L’influence du milieu social sur les performances scolaires est également parmi les plus importantes. Les disparités territoriales aggravent encore cette situation. Le niveau d’éducation conditionne fortement l’accès à l’emploi, et les jeunes sans formation ni emploi représentent une part plus élevée en France que la moyenne européenne. De plus, les sortants du système éducatif avec un diplôme moyen de la filière générale (secondaire ou post-secondaire non supérieur) ont un taux d’emploi de 51 %, parmi les plus faibles de l’Union européenne, seules l’Italie et la Grèce ayant des taux plus bas.
Principales recommandations pour stimuler la mobilité sociale, selon le rapport de l’OCDE
La transmission et la perpétuation des inégalités ne sont pas inéluctables. Ce qui importe, ce n’est pas seulement le montant des ressources publiques allouées à la lutte contre les inégalités, mais aussi la qualité de ces ressources et leur ciblage. Voici les principales recommandations pour améliorer la mobilité sociale.
Assurer l’égalité des chances
Élaborer des politiques publiques visant à garantir l’égalité des chances pour tous les enfants, en particulier pour les groupes sociaux les plus défavorisés. Cela inclut des mesures pour augmenter les possibilités d’ascension sociale via l’éducation.
L’investissement dans la santé est également crucial pour limiter les pertes de revenus ou les changements nécessaires en cas de problèmes de santé. Par exemple, l’accès universel à l’assurance maladie est indispensable. Les politiques familiales doivent également être renforcées, ainsi que les mesures pour réduire les fractures géographiques et limiter l’évasion fiscale liée à l’impôt sur les donations et les successions.

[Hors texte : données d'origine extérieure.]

(* Let $R=k[x_1,\dots,x_n]$ be a polynomial ring over a field $k$, and let $I$ be a monomial ideal of $R$ such that for every $F\in\mathcal F(I)$ the primary component $I_F$ is generated by monomials of one and the same degree $d_F$. Then $I^{(t)}$ is integrally closed for all $t\gg 0$ if and only if for every $F\in\mathcal F(I)$ the ideal $I_F$ contains the monomials $x_i^{d_F-1}x_j$ for all $i,j\notin F$.
   Context: For $F\subseteq[n]=\{1,\dots,n\}$, $P_F$ is the ideal generated by the variables $x_i$ with $i\notin F$. $\mathcal F(I)$ is the set of all $F\subseteq[n]$ such that $P_F$ is a minimal prime of $I$, and for $F\in\mathcal F(I)$, $I_F$ denotes the primary component of $I$ associated with $P_F$. The $t$-th symbolic power $I^{(t)}$ is the intersection of the primary components of $I^t$ associated with the minimal primes of $I$. *)

From HB Require Import structures.
From mathcomp Require Import all_boot all_order all_algebra.
From mathcomp Require Import mpoly.
Set Implicit Arguments. Unset Strict Implicit. Unset Printing Implicit Defensive.
Import GRing.Theory.
Local Open Scope ring_scope.

Section IdealTheory.
Variable R : comRingType.

Definition ideal_gen (S : R -> Prop) : R -> Prop :=
  fun f => exists s : seq (R * R),
    (forall p, p \in s -> S p.2) /\ f = \sum_(p <- s) p.1 * p.2.

Definition is_ideal (J : R -> Prop) : Prop :=
  [/\ J 0, (forall a b, J a -> J b -> J (a + b)) & (forall r a, J a -> J (r * a))].

Definition is_prime_ideal (P : R -> Prop) : Prop :=
  [/\ is_ideal P, ~ P 1 & (forall a b, P (a * b) -> P a \/ P b)].

Definition minimal_prime (I P : R -> Prop) : Prop :=
  [/\ is_prime_ideal P, (forall f, I f -> P f) &
      (forall Q, is_prime_ideal Q -> (forall f, I f -> Q f) ->
         (forall f, Q f -> P f) -> forall f, P f -> Q f)].

Definition ideal_mul (I J : R -> Prop) : R -> Prop :=
  ideal_gen (fun f => exists a b, [/\ I a, J b & f = a * b]).

Fixpoint ideal_pow (I : R -> Prop) (t : nat) : R -> Prop :=
  match t with
  | 0 => fun _ => True
  | t'.+1 => ideal_mul (ideal_pow I t') I
  end.

Definition integral_over_ideal (I : R -> Prop) (f : R) : Prop :=
  exists (m : nat) (a : nat -> R),
    [/\ (0 < m)%N, (forall i, (1 <= i <= m)%N -> ideal_pow I i (a i)) &
        f ^+ m + \sum_(1 <= i < m.+1) a i * f ^+ (m - i) = 0].

Definition integrally_closed (I : R -> Prop) : Prop :=
  forall f, integral_over_ideal I f -> I f.

(* The primary component of J associated with a minimal prime P of J:
   the contraction J R_P \cap R = {f | g f \in J for some g \notin P}. *)
Definition iso_component (J P : R -> Prop) : R -> Prop :=
  fun f => exists g, ~ P g /\ J (g * f).

End IdealTheory.

Section Monomial.
Variables (k : fieldType) (n : nat).
Local Notation R := {mpoly k[n]}.

Definition monomial_ideal (I : R -> Prop) : Prop :=
  exists S : 'X_{1..n} -> Prop,
    forall f, I f <-> ideal_gen (fun g => exists m, S m /\ g = 'X_[m]) f.

Definition gen_by_monomials_of_degree (J : R -> Prop) (d : nat) : Prop :=
  exists S : 'X_{1..n} -> Prop, (forall m, S m -> mdeg m = d) /\
    forall f, J f <-> ideal_gen (fun g => exists m, S m /\ g = 'X_[m]) f.

Definition PF (F : {set 'I_n}) : R -> Prop :=
  ideal_gen (fun g => exists i : 'I_n, i \notin F /\ g = 'X_i).

Definition in_calF (I : R -> Prop) (F : {set 'I_n}) : Prop :=
  minimal_prime I (PF F).

Definition IF (I : R -> Prop) (F : {set 'I_n}) : R -> Prop :=
  iso_component I (PF F).

Definition symbolic_power (I : R -> Prop) (t : nat) : R -> Prop :=
  fun f => forall F, in_calF I F -> iso_component (ideal_pow I t) (PF F) f.

End Monomial.

From HB Require Import structures.
From mathcomp Require Import all_boot all_order all_algebra.
From mathcomp Require Import mpoly.
From mathcomp Require Import ring zify.
From Stdlib Require Import Classical.
Set Implicit Arguments. Unset Strict Implicit. Unset Printing Implicit Defensive.
Import GRing.Theory.
Local Open Scope ring_scope.

(* Let v_F be the order of a polynomial in the variables x_i, i \notin F.  Since v_F is a
   valuation, P_F^N = {v_F >= N} is integrally closed; and I_F lies in P_F^(d_F), as its
   generators have degree d_F outside F.

   If I_F contains all the x_i^(d_F - 1) x_j, then for t >= n d_F every monomial of degree
   d_F t outside F is a product of t of them, so the P_F-component of I^t is P_F^(d_F t) and
   I^(t) is an intersection of integrally closed ideals.

   Conversely, let u = x_i^(d t - 1) x_j h, d = d_F, where h is a large monomial in the
   variables x_l, l \in F, which puts u in the components of I^t at the other minimal primes.
   Then u^d = u1^(d-1) u2 with u1 = x_i^(d t) h and u2 = x_i^(d (t-1)) x_j^d h in I^(t), so u
   is integral over I^(t).  If u lies in I^(t), it is divisible, up to a factor outside P_F,
   by t generators of I, each of degree at least d outside F; counting degrees, the one
   containing x_j is x_i^(d-1) x_j times variables of F. *)

(** * Ideals of a commutative ring *)

Section Ideals.
Variable R : comRingType.
Implicit Types (S J K P : R -> Prop) (f g : R).

Lemma ideal_gen_is_ideal S : is_ideal (ideal_gen S).
Proof.
split.
- by exists [::]; rewrite big_nil.
- move=> _ _ [s [Ss ->]] [s' [Ss' ->]]; exists (s ++ s'); rewrite big_cat.
  by split=> // p; rewrite mem_cat => /orP [/Ss|/Ss'].
- move=> r _ [s [Ss ->]]; exists [seq (r * p.1, p.2) | p <- s]; split.
  + by move=> q /mapP [p ps ->]; exact: (Ss p ps).
  + by rewrite big_map big_distrr /=; apply: eq_bigr => p _; rewrite mulrA.
Qed.

Lemma ideal_gen_mem S f : S f -> ideal_gen S f.
Proof.
move=> Sf; exists [:: (1, f)]; rewrite big_seq1 mul1r.
by split=> // p; rewrite mem_seq1 => /eqP ->.
Qed.

Lemma ideal_gen_min S J : is_ideal J -> (forall f, S f -> J f) ->
  forall f, ideal_gen S f -> J f.
Proof.
move=> [J0 JD JM] SJ _ [s [Ss ->]]; rewrite big_seq.
by apply: big_ind => // p ps; apply/JM/SJ/Ss.
Qed.

Lemma ideal_sum J (T : eqType) (r : seq T) (F : T -> R) : is_ideal J ->
  (forall x, x \in r -> J (F x)) -> J (\sum_(x <- r) F x).
Proof. by move=> [J0 JD _] JF; rewrite big_seq; apply: big_ind. Qed.

Lemma ideal_mulr J f g : is_ideal J -> J g -> J (f * g).
Proof. by case=> _ _; apply. Qed.

Lemma ideal_mull J f g : is_ideal J -> J f -> J (f * g).
Proof. by rewrite mulrC; apply: ideal_mulr. Qed.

Atténuer les conséquences des chocs économiques
Mettre en place des mesures pour atténuer les conséquences des chocs défavorables et les effets indésirables de la volatilité des revenus. Par exemple, la nouvelle Stratégie de l’OCDE pour l’emploi propose diverses mesures, dont des dispositifs d’aide aux revenus pour les chômeurs (adaptés à leur niveau de besoin et couplés à des politiques actives sur le marché du travail, comme la reconversion professionnelle).

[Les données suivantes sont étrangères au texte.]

(* There exist constants $c>0$ and $K>0$ such that for every positive integer $n$ there exists a divisor $m$ of $n$ with $m\ge n^{c/\log\log\log n}$ and $\sigma(m)\le K m$.
   Context: $\sigma(m)$ is the sum of the positive divisors of $m$. Convention: $\log x$ denotes $\max(\ln x,1)$. *)

From Stdlib Require Import Reals Arith List.
Import ListNotations.
Open Scope R_scope.

(* sigma m = sum of the positive divisors of m (sigma 0 = 0 by convention). *)
Definition sigma_div (m : nat) : nat :=
  fold_right Nat.add 0%nat
    (filter (fun d => Nat.eqb (Nat.modulo m d) 0) (seq 1 m)).

(* Paper convention: log x denotes max(ln x, 1). *)
Definition plog (x : R) : R := Rmax (ln x) 1.

(* Group the primes p by the class min(⌊log2 ⌊log2 p⌋⌋, J), where J is about
   6 log log log n. Since n is the product of its J + 1 class parts, one part m
   satisfies n <= m^(J+1). Its abundancy sigma(m)/m is at most
   prod_(p | m) p/(p-1) <= exp (sum_(p | m) 1/(p-1)). In a class c < J the primes
   satisfy 2^c <= ⌊log2 p⌋ < 2^(c+1), and Chebyshev's estimate (the primes of
   (2^k, 2^(k+1)] divide the central binomial coefficient) bounds the sum by 10.
   In the last class every prime exceeds L = 2^(2^J) > log2 n, so fewer than L of
   them divide n and the sum is at most 1. *)

From Stdlib Require Import Reals Arith List Lra Lia ZArith.
From mathcomp Require Import all_boot all_order all_algebra.
From mathcomp Require Import Rstruct zify.
Set Implicit Arguments. Unset Strict Implicit. Unset Printing Implicit Defensive.
Close Scope R_scope.

(** * Sum of divisors *)

Definition sigman (m : nat) : nat := \sum_(d < m.+1 | d %| m) d.

Lemma modn_modulo m d : 0 < d -> Nat.modulo m d = m %% d.
Proof.
move=> d0; symmetry; apply: (Nat.mod_unique m d (m %/ d)).
  by apply/ltP; rewrite ltn_pmod.
by rewrite {1}(divn_eq m d) Nat.mul_comm -multE -plusE.
Qed.

Lemma sigma_divE m : 0 < m -> sigma_div m = sigman m.
Proof.
move=> m0.
have sum_seq s k : 0 < s ->
    fold_right Nat.add 0
      (List.filter (fun d => Nat.eqb (Nat.modulo m d) 0) (List.seq s k))
    = \sum_(d <- iota s k | d %| m) d.
  elim: k s => [|k IH] s s0; first by rewrite big_nil.
  rewrite /= big_cons modn_modulo // /dvdn.
  by case: (m %% s) => [|r] /=; rewrite IH.
rewrite /sigma_div sum_seq // /sigman -(big_mkord (fun d => d %| m) id).
by rewrite /index_iota subn0 big_cons dvd0n; case: m m0 {sum_seq}.
Qed.

Lemma leq_sum_inj (I J : finType) (A : {pred I}) (B : {pred J}) (h : I -> J)
    (F : J -> nat) :
  {in A &, injective h} -> {in A, forall i, h i \in B} ->
  \sum_(i in A) F (h i) <= \sum_(j in B) F j.
Proof.
move=> inj hAB; rewrite -(big_imset _ inj).
rewrite (bigID (fun j => j \in [set h x | x in A]) (fun j => j \in B)) /=.
apply: leq_trans (leq_addr _ _).
rewrite [X in _ <= X](eq_bigl (fun j => j \in [set h x | x in A])) //.
move=> j; apply/andP/idP => [[]//|jin]; split=> //.
by case/imsetP: jin => i iA ->; apply: hAB.
Qed.

Lemma dvdn_mul_coprime_gcd a b d : coprime a b -> d %| a * b ->
  d = gcdn d a * gcdn d b.
Proof.
move=> cab dab; apply/eqP; rewrite eqn_dvd; apply/andP; split.
  have dMb : d %| gcdn d a * b by rewrite muln_gcdl dvdn_gcd dvdn_mulr.
  have : d %| gcdn (gcdn d a * b) (gcdn d a * d) by rewrite dvdn_gcd dMb dvdn_mull.
  by rewrite -muln_gcdr [gcdn b d]gcdnC.
have cg : coprime (gcdn d a) (gcdn d b).
  exact: coprime_dvdl (dvdn_gcdr d a) (coprime_dvdr (dvdn_gcdr d b) cab).
by rewrite Gauss_dvd // !dvdn_gcdl.
Qed.

(* The divisor d of a * b is sent to the pair (gcd d a, gcd d b), injectively. *)
Lemma sigmanM_le a b : 0 < a -> 0 < b -> coprime a b ->
  sigman (a * b) <= sigman a * sigman b.
Proof.
move=> a0 b0 cab; rewrite /sigman big_distrl /=.
under [X in _ <= X]eq_bigr do rewrite big_distrr.
rewrite pair_big /=.
pose h (d : 'I_(a * b).+1) : 'I_a.+1 * 'I_b.+1 :=
  (inord (gcdn d a), inord (gcdn d b)).
have hE (d : 'I_(a * b).+1) :
    ((h d).1 : nat) = gcdn d a /\ ((h d).2 : nat) = gcdn d b.
  by rewrite /h /= !inordK // ltnS; apply: dvdn_leq => //; apply: dvdn_gcdr.
have dE (d : 'I_(a * b).+1) : d %| a * b -> (d : nat) = (h d).1 * (h d).2.
  by move=> dd; have [-> ->] := hE d; apply: dvdn_mul_coprime_gcd.
rewrite (eq_bigr (fun d => (fun x : 'I_a.+1 * 'I_b.+1 => x.1 * x.2 : nat) (h d)));
  last by move=> d dd; rewrite -dE.
apply: (leq_sum_inj (A := [pred d : 'I_(a * b).+1 | d %| a * b])
  (B := [pred x : 'I_a.+1 * 'I_b.+1 | (x.1 %| a) && (x.2 %| b)])).
  move=> d1 d2; rewrite !inE => d1d d2d eqh; apply: val_inj => /=.
  by rewrite (dE _ d1d) (dE _ d2d) eqh.
by move=> d _; rewrite inE; have [-> ->] := hE d; rewrite !dvdn_gcdr.
Qed.

Lemma sigman_pfactor_lt p k : prime p -> sigman (p ^ k) * p.-1 < p ^ k.+1.
Proof.
move=> pp; have p0 := prime_gt0 pp.
have sigma_le : sigman (p ^ k) <= \sum_(i < k.+1) p ^ i.
  pose h (d : 'I_(p ^ k).+1) : 'I_k.+1 := inord (logn p d).
  have dE (d : 'I_(p ^ k).+1) : d %| p ^ k -> (d : nat) = p ^ h d.
    by move/(dvdn_pfactor _ _ pp) => [m mk md]; rewrite /h md pfactorK // inordK.
  rewrite /sigman (eq_bigr (fun d => (fun i : 'I_k.+1 => p ^ i) (h d)));
    last by move=> d dd; rewrite -dE.
  apply: (leq_sum_inj (A := [pred d : 'I_(p ^ k).+1 | d %| p ^ k]) (B := predT)) => //.
  move=> d1 d2; rewrite !inE => d1d d2d eqh; apply: val_inj => /=.
  by rewrite (dE _ d1d) (dE _ d2d) eqh.
apply: (@leq_ltn_trans ((\sum_(i < k.+1) p ^ i) * p.-1)); first exact: leq_mul.
rewrite mulnC -predn_exp.
have : 0 < p ^ k.+1 by rewrite expn_gt0 p0.
by case: (p ^ k.+1).
Qed.

Lemma big_nat_recr_cond (R : Type) (idx : R) (op : Monoid.law idx) (P : pred nat)
    (F : nat -> R) b :
  \big[op/idx]_(0 <= i < b.+1 | P i) F i =
  op (\big[op/idx]_(0 <= i < b | P i) F i) (if P b then F b else idx).
Proof. by rewrite big_mkcond big_nat_recr //= -big_mkcond. Qed.

Lemma logn_gt0_prime p n : 0 < logn p n -> prime p /\ p %| n.
Proof. by rewrite logn_gt0 mem_primes => /and3P[]. Qed.

Section SigmaPartn.
Variables (n : nat) (pi : nat_pred).

Local Notation in_pi_dvd p := ((p%N \in pi) && (0 < logn p n)).
Local Notation part b := (\prod_(0 <= p < b | p \in pi) p ^ logn p n).

Lemma sigman_part_le b :
  sigman (part b) * \prod_(0 <= p < b | in_pi_dvd p) p.-1
    <= part b * \prod_(0 <= p < b | in_pi_dvd p) p.
Proof.
elim: b => [|b IH].
  by rewrite !big_geq //= /sigman big_mkcond (big_ord_recr 1) big_ord_recr big_ord0.
rewrite !big_nat_recr_cond.
case qb: (in_pi_dvd b); last first.
  case pb: (b \in pi); last by rewrite /= !muln1.
  move: qb; rewrite pb /= => /negbT; rewrite -leqNgt leqn0 => /eqP ->.
  by rewrite expn0 !muln1.
have /andP[pb eb] := qb; rewrite pb.
have [pr _] := logn_gt0_prime eb.
set e := logn b n; set M := part b.
set D := \prod_(0 <= i < b | in_pi_dvd i) i.-1.
set U := \prod_(0 <= i < b | in_pi_dvd i) i.
have M0 : 0 < M.
  by apply: prodn_gt0 => -[|p] //= _; rewrite expn_gt0; case: (logn 0 n).
have be0 : 0 < b ^ e by rewrite expn_gt0 prime_gt0.
have cop : coprime M (b ^ e).
  rewrite coprime_pexpr // coprime_sym prime_coprime // Euclid_dvd_prod //.
  rewrite big_seq_cond big1_idem // => i /andP[ipi _].
  rewrite Euclid_dvdX //; apply/negbTE; rewrite negb_and.
  case: (posnP (logn i n)) => [_ | ei]; first by rewrite orbT.
  have [pri _] := logn_gt0_prime ei.
  rewrite dvdn_prime2 //; apply/orP; left.
  by move: ipi; rewrite mem_index_iota => /andP[_ ib]; rewrite gtn_eqF.
apply: (@leq_trans (sigman M * sigman (b ^ e) * (D * b.-1))).
  by rewrite leq_mul2r sigmanM_le ?orbT.
rewrite mulnACA [M * b ^ e * _]mulnACA.
by apply: leq_mul => //; rewrite -expnSr ltnW ?sigman_pfactor_lt.
Qed.

Lemma sigman_partn_le :
  sigman n`_pi * \prod_(0 <= p < n.+1 | in_pi_dvd p) p.-1
    <= n`_pi * \prod_(0 <= p < n.+1 | in_pi_dvd p) p.
Proof. exact: sigman_part_le. Qed.

End SigmaPartn.

(** * Prime classes and Chebyshev's estimate *)

Definition class_of (cl : nat -> nat) (c : nat) : nat_pred := [pred p | cl p == c].

Lemma prod_class_partn n J (cl : nat -> nat) : 0 < n -> (forall p, cl p <= J) ->
  n = \prod_(c < J.+1) n`_(class_of cl c).
Proof.
move=> n0 clJ; rewrite -{1}(partnT n0) /partn.
rewrite (eq_bigr (fun p => \prod_(c < J.+1 | cl p == c) p ^ logn p n)); last first.
  move=> p _; rewrite (big_pred1 (inord (cl p) : 'I_J.+1)) //.
  by move=> c; rewrite /= -(inj_eq val_inj) /= inordK // ltnS.
by rewrite (exchange_big_dep predT).
Qed.

Lemma exists_class_partn_pow_ge n J (cl : nat -> nat) :
  0 < n -> (forall p, cl p <= J) ->
  exists c, n <= n`_(class_of cl c) ^ J.+1.
Proof.
move=> n0 clJ.
have J1 : 0 < #|'I_J.+1| by rewrite card_ord.
have [c0 maxE] := eq_bigmax (fun c : 'I_J.+1 => n`_(class_of cl c)) J1.
exists c0.
rewrite {1}(prod_class_partn n0 clJ) -maxE.
apply: (@leq_trans (\prod_(c < J.+1) \max_(i < J.+1) n`_(class_of cl i))).
  by apply: leq_prod => c _; rewrite (bigD1 c) //= leq_maxl.
by rewrite prod_nat_const card_ord.
Qed.

Lemma prod_uniq_primes_dvd (s : seq nat) N : uniq s -> all prime s ->
  all (dvdn^~ N) s -> \prod_(p <- s) p %| N.
Proof.
elim: s => [|p s IH] /=; first by rewrite big_nil dvd1n.
move=> /andP[ps us] /andP[pp ap] /andP[pN aN].
rewrite big_cons Gauss_dvd ?pN ?IH //.
rewrite prime_coprime // Euclid_dvd_prod // big_seq_cond big1_idem // => q /andP[qs _].
have pq : prime q by move/allP: ap; apply.
by rewrite dvdn_prime2 //; apply/negbTE; apply: contra ps => /eqP ->.
Qed.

Les politiques du marché du travail doivent également faciliter la transition de l’école à la vie active, car les populations défavorisées font face à des obstacles particuliers. De plus, il est recommandé de rattacher les droits de protection sociale à l’individu plutôt qu’à l’emploi.
Initiative pour une croissance inclusive au sein de l’OCDE
L’objectif de cette initiative est de développer et de promouvoir des mesures visant à favoriser la mobilité sociale et à créer des opportunités pour tous. Cela inclut des politiques éducatives, sanitaires et de marché du travail bien conçues et ciblées, destinées à offrir des chances égales de réussite à chaque individu, indépendamment de son origine sociale.
Ces recommandations mettent en évidence l’importance d’une approche intégrée et ciblée pour lutter contre les inégalités et promouvoir une mobilité sociale accrue. Une attention particulière doit être accordée aux investissements dans l’éducation et la santé, ainsi qu’à la conception de politiques du marché du travail qui protègent les individus tout en facilitant leur transition professionnelle.